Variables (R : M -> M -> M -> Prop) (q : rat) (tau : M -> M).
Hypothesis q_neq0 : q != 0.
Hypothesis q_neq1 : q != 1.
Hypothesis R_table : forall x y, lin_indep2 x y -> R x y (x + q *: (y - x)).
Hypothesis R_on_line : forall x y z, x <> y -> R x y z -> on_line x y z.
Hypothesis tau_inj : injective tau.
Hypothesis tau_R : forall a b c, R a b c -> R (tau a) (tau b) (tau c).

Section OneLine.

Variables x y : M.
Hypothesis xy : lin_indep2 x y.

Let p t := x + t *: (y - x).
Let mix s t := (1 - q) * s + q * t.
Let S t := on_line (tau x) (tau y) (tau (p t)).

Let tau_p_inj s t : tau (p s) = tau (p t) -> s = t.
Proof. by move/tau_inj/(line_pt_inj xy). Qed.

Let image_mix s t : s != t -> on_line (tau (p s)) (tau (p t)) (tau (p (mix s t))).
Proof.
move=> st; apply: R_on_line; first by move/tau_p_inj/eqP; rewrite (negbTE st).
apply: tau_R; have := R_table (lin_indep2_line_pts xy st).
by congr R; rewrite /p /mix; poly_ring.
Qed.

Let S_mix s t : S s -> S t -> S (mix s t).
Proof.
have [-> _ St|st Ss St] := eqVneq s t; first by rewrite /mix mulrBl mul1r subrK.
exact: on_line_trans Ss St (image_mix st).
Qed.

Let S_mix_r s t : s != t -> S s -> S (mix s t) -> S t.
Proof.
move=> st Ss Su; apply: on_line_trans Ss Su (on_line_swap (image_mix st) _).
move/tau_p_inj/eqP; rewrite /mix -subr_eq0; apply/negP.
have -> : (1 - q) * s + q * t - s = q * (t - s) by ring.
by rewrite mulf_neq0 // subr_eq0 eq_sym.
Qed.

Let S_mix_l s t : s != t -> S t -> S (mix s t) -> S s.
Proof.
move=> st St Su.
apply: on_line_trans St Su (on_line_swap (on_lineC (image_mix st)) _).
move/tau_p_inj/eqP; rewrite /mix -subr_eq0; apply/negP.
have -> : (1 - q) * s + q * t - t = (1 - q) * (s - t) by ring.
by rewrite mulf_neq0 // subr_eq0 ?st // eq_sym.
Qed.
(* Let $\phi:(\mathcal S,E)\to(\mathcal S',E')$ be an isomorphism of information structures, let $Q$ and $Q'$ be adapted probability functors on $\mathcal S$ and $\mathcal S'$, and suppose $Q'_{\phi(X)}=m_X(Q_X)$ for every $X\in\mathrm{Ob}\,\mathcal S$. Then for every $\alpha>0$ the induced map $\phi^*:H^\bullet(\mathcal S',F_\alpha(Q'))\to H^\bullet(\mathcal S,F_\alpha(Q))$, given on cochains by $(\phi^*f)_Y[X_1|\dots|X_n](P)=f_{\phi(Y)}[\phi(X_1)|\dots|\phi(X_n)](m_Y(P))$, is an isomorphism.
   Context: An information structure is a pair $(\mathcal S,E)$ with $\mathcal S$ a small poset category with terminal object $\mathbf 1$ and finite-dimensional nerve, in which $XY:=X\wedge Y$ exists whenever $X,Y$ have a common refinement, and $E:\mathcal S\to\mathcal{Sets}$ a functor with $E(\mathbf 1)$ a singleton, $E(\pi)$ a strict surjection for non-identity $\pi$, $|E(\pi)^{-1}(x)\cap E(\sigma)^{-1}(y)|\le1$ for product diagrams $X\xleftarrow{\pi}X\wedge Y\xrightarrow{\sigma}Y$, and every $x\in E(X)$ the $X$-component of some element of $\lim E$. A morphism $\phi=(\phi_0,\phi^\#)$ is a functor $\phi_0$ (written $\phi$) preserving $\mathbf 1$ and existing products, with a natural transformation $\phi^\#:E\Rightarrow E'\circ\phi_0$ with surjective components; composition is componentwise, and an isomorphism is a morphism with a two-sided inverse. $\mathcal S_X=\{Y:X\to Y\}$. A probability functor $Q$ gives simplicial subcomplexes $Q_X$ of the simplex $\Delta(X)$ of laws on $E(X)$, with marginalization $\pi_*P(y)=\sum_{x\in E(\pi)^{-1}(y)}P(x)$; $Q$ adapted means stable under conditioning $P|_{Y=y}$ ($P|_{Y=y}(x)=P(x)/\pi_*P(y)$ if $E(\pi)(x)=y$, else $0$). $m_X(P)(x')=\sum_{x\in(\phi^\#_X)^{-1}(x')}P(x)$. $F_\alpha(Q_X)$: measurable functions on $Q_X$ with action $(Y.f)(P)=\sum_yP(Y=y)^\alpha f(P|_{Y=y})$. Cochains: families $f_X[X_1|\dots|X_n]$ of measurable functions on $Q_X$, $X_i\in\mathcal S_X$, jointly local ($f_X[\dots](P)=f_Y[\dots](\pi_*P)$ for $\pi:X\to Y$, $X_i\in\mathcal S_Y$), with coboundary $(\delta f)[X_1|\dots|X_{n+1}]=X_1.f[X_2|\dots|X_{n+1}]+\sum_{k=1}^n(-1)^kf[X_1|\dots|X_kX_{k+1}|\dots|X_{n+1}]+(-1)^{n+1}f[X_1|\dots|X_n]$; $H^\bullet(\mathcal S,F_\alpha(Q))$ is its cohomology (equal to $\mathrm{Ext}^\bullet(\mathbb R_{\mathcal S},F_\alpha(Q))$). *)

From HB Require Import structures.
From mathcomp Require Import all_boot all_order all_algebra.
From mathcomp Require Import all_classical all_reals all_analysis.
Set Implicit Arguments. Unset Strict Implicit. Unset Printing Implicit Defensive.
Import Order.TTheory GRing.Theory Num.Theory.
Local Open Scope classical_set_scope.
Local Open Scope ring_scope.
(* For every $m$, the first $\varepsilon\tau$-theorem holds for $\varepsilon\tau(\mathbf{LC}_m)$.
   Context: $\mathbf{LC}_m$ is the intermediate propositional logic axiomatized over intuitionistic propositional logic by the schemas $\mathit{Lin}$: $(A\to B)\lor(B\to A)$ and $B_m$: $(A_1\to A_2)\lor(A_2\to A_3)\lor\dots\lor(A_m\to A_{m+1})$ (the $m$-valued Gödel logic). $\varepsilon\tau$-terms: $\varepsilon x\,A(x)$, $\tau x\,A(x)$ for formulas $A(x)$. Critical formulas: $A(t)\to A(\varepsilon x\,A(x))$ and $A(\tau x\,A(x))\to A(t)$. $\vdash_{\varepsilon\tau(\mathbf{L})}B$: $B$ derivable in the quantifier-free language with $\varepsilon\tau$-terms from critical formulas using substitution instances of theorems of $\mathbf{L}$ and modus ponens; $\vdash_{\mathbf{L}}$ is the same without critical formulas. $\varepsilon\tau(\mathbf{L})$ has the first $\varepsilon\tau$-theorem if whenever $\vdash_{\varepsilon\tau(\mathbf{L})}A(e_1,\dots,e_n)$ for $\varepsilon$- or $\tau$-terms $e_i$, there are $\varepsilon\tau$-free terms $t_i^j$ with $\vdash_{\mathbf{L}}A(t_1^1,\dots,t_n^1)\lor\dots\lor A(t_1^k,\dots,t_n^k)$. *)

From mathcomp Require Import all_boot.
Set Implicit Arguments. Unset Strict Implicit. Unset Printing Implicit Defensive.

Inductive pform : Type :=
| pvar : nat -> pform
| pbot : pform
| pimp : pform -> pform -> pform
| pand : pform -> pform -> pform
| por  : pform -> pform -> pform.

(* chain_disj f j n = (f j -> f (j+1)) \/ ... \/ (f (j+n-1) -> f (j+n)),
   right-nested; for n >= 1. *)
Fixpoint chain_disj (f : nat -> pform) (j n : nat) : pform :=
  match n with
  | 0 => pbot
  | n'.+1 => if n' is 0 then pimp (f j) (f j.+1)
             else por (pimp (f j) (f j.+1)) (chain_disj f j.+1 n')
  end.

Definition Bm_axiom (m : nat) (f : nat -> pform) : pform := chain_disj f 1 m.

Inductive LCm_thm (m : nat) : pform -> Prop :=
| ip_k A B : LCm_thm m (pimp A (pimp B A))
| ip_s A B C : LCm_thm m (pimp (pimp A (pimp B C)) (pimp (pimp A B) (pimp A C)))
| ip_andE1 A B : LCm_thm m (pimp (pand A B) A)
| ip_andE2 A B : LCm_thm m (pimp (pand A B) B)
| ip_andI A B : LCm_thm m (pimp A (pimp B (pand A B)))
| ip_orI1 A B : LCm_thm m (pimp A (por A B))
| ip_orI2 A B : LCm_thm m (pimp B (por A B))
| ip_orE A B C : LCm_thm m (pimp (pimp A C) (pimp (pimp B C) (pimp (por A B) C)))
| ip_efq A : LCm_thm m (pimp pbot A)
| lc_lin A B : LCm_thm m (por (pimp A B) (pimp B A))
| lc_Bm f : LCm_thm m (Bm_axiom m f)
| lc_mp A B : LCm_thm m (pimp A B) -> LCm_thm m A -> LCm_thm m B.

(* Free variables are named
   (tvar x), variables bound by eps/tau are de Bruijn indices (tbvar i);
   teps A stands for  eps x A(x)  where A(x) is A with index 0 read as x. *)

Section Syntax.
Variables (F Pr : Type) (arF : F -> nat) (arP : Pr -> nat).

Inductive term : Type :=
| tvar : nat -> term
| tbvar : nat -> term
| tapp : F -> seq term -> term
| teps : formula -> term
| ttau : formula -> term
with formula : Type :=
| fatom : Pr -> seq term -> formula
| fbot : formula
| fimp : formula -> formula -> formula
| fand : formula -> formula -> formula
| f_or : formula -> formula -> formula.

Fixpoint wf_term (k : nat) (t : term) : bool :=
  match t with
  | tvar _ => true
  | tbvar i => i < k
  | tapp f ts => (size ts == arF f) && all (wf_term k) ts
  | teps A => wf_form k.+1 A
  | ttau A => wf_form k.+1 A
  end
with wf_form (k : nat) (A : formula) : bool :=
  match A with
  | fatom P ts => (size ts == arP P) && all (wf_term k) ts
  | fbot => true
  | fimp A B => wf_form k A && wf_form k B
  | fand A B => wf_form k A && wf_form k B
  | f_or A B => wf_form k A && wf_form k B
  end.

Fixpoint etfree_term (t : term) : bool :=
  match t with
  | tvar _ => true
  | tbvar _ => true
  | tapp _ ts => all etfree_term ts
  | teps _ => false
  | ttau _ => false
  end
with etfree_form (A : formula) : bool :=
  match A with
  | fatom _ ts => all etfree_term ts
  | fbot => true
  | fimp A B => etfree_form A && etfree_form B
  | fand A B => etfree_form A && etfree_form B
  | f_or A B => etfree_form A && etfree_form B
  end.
+--
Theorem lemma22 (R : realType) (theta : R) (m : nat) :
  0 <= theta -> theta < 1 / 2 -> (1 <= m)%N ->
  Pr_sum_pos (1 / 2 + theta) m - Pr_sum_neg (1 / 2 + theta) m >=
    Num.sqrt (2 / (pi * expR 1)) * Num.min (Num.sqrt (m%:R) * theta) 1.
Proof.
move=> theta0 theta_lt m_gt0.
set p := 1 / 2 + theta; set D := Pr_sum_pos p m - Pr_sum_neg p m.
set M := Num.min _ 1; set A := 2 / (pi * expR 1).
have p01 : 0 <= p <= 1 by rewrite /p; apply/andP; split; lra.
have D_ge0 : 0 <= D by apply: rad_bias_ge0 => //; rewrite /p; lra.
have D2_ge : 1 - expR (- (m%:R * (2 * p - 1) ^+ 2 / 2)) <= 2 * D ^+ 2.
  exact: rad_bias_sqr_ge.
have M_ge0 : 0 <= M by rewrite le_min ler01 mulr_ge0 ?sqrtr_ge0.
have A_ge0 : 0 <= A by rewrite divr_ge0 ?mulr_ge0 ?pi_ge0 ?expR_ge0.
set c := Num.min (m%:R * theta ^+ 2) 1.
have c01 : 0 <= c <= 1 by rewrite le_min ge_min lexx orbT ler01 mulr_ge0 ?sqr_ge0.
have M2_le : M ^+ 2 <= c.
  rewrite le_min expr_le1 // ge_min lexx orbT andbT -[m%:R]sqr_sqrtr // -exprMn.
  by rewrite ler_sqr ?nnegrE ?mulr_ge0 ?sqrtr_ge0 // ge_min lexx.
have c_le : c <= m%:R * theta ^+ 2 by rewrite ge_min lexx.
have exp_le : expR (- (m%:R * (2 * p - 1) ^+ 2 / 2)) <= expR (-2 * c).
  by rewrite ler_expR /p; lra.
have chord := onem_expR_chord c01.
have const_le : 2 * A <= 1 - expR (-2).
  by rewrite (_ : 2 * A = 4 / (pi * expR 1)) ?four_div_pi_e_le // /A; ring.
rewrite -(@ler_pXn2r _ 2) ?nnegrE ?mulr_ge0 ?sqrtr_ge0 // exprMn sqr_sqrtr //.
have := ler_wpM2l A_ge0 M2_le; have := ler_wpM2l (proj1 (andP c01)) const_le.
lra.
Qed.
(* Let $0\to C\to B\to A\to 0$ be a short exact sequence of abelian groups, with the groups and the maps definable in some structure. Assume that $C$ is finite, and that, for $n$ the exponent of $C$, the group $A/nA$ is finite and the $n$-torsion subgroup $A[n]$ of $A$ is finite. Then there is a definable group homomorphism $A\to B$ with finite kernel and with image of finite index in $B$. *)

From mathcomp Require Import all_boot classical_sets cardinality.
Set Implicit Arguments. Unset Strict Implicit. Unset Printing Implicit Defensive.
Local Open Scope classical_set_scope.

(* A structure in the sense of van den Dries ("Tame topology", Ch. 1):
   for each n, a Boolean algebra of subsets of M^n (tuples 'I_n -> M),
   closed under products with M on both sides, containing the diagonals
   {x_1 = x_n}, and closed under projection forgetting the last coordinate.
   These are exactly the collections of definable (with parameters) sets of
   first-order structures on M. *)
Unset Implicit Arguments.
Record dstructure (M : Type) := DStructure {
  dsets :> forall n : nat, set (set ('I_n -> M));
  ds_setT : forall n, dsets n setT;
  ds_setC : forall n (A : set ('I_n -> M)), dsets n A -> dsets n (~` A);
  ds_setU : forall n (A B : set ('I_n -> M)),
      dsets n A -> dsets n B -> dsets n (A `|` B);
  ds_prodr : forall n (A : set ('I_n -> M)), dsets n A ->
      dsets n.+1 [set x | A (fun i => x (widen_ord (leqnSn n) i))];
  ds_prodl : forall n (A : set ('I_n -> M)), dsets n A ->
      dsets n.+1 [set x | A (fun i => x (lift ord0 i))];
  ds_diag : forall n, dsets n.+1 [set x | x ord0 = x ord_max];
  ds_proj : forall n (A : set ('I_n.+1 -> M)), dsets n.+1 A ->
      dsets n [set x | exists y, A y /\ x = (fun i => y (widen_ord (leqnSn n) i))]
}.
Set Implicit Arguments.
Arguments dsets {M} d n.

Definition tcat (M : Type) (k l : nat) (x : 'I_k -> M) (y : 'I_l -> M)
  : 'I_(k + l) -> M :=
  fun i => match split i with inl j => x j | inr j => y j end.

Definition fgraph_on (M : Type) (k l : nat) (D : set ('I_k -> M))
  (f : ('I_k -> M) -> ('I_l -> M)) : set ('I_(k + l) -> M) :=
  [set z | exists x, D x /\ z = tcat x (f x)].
+--
» The task
Filter the entries above down to the lines that contain "tapp".

» Solution for this exercise
| tapp : F -> seq term -> term
  | tapp f ts => (size ts == arF f) && all (wf_term k) ts
  | tapp _ ts => all etfree_term ts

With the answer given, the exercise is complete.